Task description:
Return, in their exact form, the lines that lie between the start of the data below and the line containing "apply/eqP; apply: contraT", with both ends included.

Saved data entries
○ ○ ○ ○

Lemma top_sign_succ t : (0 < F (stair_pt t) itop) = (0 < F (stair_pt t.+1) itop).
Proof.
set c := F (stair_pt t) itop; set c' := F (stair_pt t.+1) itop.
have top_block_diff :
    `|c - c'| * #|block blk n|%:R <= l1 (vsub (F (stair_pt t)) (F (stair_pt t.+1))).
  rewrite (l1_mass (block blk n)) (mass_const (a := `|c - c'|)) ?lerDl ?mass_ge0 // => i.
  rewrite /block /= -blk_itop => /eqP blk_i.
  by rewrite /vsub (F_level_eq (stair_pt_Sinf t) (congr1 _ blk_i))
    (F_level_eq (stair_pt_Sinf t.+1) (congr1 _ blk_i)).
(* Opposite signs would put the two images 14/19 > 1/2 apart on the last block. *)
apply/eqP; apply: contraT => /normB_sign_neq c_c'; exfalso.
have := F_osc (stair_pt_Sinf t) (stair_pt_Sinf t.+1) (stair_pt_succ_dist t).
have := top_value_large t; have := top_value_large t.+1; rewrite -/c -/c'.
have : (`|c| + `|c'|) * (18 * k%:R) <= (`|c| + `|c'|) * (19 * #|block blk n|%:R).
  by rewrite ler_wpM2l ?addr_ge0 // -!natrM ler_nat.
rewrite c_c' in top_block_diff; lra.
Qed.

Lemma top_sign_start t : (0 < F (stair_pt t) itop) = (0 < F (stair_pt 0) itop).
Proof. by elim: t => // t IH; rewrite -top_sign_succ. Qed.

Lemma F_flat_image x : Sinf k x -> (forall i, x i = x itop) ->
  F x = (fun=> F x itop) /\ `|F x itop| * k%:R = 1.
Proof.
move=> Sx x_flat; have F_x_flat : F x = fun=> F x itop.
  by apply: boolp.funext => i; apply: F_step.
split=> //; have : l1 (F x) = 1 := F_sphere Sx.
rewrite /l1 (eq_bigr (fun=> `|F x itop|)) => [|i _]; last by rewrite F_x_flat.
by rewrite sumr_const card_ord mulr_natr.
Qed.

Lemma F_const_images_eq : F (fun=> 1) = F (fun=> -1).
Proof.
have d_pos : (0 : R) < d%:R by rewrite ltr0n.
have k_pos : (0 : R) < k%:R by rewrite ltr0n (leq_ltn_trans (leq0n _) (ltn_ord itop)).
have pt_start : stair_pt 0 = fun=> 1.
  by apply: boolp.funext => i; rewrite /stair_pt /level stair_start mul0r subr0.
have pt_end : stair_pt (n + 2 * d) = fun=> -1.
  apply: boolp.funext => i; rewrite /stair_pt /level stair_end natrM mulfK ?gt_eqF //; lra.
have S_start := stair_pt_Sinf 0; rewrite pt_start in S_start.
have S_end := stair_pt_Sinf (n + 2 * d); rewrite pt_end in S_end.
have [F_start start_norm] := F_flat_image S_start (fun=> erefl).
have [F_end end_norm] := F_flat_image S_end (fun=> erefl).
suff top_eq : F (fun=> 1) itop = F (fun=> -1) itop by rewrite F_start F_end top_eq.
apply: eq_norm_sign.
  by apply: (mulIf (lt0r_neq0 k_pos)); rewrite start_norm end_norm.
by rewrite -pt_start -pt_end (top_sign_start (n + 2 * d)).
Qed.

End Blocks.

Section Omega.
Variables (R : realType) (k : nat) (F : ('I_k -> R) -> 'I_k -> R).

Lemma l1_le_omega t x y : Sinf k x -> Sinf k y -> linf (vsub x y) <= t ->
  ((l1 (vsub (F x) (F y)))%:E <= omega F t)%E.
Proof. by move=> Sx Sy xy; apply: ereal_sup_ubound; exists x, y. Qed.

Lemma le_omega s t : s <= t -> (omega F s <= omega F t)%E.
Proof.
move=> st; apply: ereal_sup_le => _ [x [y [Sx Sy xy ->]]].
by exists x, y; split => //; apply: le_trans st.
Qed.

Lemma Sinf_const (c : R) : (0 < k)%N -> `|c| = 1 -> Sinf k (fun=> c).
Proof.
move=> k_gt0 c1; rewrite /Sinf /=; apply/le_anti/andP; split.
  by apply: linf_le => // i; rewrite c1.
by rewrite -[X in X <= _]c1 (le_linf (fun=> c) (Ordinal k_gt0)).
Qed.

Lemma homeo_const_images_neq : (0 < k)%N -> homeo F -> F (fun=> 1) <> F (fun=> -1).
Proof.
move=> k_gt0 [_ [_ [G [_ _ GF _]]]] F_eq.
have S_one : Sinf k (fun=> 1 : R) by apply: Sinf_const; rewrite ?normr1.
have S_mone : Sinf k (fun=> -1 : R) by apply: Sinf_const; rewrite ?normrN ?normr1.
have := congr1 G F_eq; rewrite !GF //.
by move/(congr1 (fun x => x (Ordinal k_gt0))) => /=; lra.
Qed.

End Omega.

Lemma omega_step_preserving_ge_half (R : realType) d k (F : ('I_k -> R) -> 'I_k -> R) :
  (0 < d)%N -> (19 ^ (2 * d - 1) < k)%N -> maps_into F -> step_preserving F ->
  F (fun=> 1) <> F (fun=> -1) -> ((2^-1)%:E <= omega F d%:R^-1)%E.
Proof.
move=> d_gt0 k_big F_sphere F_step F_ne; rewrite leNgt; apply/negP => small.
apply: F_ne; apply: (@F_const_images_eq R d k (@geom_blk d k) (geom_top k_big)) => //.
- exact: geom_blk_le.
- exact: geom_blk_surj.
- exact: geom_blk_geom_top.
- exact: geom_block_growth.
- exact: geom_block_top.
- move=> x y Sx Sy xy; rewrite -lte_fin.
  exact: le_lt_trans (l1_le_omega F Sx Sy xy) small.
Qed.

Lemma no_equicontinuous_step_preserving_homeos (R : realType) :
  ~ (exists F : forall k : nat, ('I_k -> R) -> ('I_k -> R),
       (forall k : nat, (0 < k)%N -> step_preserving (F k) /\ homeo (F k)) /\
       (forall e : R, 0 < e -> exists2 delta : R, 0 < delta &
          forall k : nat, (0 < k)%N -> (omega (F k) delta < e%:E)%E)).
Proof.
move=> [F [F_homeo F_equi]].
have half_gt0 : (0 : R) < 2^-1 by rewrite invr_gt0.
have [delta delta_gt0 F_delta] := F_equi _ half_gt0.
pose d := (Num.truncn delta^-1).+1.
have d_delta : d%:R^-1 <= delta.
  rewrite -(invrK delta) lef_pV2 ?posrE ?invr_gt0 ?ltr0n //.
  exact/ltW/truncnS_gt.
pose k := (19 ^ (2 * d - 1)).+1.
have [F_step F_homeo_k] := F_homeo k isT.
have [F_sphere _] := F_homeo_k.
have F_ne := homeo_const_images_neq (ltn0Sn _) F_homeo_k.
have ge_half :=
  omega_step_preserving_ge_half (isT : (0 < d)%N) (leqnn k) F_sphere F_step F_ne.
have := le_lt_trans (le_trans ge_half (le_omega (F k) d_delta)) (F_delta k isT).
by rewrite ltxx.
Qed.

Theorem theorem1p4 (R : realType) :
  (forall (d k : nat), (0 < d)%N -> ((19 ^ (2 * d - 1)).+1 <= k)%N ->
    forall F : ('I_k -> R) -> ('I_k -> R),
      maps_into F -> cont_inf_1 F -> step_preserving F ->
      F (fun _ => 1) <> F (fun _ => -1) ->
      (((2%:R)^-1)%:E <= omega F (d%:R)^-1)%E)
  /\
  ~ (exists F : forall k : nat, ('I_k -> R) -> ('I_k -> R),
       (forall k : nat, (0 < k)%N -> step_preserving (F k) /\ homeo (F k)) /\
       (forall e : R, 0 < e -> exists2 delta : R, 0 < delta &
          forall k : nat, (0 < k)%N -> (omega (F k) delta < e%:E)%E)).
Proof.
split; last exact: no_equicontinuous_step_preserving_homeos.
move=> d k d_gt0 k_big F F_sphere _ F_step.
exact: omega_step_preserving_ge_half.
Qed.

○ ○ ○ ○

Solution to this problem:
Lemma top_sign_succ t : (0 < F (stair_pt t) itop) = (0 < F (stair_pt t.+1) itop).
Proof.
set c := F (stair_pt t) itop; set c' := F (stair_pt t.+1) itop.
have top_block_diff :
    `|c - c'| * #|block blk n|%:R <= l1 (vsub (F (stair_pt t)) (F (stair_pt t.+1))).
  rewrite (l1_mass (block blk n)) (mass_const (a := `|c - c'|)) ?lerDl ?mass_ge0 // => i.
  rewrite /block /= -blk_itop => /eqP blk_i.
  by rewrite /vsub (F_level_eq (stair_pt_Sinf t) (congr1 _ blk_i))
    (F_level_eq (stair_pt_Sinf t.+1) (congr1 _ blk_i)).
(* Opposite signs would put the two images 14/19 > 1/2 apart on the last block. *)
apply/eqP; apply: contraT => /normB_sign_neq c_c'; exfalso.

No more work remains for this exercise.